··· Data to process

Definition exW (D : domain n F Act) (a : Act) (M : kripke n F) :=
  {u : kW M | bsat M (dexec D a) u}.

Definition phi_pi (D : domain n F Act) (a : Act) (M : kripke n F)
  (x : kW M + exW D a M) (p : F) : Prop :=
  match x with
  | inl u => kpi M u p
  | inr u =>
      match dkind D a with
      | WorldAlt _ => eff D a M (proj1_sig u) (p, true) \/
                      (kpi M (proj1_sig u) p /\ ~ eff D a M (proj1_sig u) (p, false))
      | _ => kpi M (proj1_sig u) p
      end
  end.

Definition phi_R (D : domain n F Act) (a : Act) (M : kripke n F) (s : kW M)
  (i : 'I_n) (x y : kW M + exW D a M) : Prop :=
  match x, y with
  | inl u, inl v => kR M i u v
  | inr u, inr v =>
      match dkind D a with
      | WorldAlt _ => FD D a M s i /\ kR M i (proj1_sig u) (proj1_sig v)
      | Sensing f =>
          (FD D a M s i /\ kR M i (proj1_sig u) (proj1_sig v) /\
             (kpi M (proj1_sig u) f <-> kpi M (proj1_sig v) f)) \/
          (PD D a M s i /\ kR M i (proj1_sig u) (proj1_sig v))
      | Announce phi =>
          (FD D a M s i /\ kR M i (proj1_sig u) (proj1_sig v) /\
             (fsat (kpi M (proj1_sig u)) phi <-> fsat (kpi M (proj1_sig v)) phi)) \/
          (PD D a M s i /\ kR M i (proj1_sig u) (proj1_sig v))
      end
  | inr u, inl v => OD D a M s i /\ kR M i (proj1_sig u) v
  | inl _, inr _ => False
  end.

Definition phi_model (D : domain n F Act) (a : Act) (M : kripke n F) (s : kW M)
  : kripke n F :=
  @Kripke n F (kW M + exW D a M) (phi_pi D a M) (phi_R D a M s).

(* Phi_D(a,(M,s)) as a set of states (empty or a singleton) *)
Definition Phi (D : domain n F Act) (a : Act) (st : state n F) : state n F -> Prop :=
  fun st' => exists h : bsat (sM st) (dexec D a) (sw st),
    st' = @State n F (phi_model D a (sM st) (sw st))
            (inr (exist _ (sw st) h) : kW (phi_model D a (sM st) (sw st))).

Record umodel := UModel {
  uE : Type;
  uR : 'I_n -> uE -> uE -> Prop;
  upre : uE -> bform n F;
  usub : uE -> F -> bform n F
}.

······
··· Data to process

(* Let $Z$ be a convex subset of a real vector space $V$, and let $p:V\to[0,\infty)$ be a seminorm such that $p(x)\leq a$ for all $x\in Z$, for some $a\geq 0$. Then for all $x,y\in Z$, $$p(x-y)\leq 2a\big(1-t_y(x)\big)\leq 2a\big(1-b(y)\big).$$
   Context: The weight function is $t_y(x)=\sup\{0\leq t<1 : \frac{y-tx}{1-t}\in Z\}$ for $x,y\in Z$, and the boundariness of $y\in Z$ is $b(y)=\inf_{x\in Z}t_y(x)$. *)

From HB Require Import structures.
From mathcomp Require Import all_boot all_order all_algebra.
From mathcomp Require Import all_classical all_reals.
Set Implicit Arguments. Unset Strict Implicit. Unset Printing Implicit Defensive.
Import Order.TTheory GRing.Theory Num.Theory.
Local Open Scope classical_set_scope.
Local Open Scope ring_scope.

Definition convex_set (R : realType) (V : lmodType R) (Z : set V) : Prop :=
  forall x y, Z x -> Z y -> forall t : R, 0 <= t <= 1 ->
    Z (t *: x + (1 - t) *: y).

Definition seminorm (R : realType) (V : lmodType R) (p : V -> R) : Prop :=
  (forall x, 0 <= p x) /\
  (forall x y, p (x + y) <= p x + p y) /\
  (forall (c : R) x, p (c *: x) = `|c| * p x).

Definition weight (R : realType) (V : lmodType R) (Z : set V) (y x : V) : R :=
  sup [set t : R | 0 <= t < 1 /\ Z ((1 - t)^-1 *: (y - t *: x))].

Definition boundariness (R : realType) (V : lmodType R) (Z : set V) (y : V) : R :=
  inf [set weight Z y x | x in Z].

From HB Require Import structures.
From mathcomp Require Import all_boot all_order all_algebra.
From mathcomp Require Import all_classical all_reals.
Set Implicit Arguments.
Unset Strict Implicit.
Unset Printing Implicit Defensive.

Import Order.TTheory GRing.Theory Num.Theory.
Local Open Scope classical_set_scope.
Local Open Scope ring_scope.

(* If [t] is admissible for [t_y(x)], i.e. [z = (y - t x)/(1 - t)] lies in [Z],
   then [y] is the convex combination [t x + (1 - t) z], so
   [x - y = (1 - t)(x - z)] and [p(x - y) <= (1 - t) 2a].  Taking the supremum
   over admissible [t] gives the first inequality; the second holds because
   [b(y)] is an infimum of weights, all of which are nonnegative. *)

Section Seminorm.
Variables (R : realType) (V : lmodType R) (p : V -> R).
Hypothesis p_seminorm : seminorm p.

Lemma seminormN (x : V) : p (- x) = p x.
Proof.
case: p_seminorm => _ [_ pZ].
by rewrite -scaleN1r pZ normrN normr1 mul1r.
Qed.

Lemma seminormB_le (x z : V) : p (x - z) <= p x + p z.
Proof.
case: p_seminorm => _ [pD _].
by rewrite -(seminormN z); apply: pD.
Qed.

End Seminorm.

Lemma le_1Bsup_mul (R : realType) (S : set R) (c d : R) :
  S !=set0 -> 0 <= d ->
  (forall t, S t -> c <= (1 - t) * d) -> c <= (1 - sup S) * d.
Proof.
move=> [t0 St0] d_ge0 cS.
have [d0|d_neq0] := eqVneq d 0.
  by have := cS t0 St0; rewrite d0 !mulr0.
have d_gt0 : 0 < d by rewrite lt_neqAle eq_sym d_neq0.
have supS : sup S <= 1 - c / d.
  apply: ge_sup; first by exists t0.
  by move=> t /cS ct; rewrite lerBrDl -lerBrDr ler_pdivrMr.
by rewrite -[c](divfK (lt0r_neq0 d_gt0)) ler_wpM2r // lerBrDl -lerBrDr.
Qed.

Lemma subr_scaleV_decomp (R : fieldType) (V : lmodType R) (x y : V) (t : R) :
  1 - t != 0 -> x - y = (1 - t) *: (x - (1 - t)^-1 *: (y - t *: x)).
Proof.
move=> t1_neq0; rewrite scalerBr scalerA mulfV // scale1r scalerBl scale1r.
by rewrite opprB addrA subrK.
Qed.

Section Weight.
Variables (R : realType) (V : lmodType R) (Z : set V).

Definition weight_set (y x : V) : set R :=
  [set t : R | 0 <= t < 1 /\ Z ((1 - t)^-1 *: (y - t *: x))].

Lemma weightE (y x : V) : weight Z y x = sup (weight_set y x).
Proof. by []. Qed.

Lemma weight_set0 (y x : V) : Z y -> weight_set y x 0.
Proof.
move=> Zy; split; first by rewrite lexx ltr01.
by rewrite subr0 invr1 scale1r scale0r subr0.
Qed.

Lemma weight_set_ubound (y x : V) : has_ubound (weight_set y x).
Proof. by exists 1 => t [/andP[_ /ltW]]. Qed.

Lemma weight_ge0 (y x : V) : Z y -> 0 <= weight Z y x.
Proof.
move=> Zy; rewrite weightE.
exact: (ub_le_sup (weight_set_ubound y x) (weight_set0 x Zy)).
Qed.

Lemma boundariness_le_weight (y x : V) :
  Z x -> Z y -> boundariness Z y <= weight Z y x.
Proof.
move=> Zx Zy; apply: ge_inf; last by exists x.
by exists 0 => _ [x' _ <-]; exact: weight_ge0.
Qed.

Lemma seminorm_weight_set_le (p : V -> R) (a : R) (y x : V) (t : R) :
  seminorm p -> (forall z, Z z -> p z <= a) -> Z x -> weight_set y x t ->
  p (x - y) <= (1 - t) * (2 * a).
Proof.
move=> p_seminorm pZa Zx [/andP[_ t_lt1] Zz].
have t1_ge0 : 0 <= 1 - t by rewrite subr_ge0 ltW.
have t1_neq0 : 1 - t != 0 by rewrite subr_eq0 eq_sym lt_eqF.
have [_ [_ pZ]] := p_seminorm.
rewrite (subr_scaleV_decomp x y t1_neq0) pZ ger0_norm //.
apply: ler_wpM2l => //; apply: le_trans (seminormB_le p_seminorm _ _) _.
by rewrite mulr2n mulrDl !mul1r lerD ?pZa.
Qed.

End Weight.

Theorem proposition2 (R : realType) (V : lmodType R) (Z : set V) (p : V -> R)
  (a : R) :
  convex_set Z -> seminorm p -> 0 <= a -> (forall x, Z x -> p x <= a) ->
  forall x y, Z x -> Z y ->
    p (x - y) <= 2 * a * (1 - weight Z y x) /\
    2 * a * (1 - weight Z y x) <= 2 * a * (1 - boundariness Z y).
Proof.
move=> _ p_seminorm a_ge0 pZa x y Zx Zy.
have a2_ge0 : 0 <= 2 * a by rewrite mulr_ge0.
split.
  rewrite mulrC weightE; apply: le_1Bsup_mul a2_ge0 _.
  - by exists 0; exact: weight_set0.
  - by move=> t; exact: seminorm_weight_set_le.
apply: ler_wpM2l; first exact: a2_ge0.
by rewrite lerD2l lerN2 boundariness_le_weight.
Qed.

······

Which lines of the data contain the string "first"? Copy each one.

__Solution__:
   over admissible [t] gives the first inequality; the second holds because
  apply: ge_sup; first by exists t0.
move=> Zy; split; first by rewrite lexx ltr01.
apply: ler_wpM2l; first exact: a2_ge0.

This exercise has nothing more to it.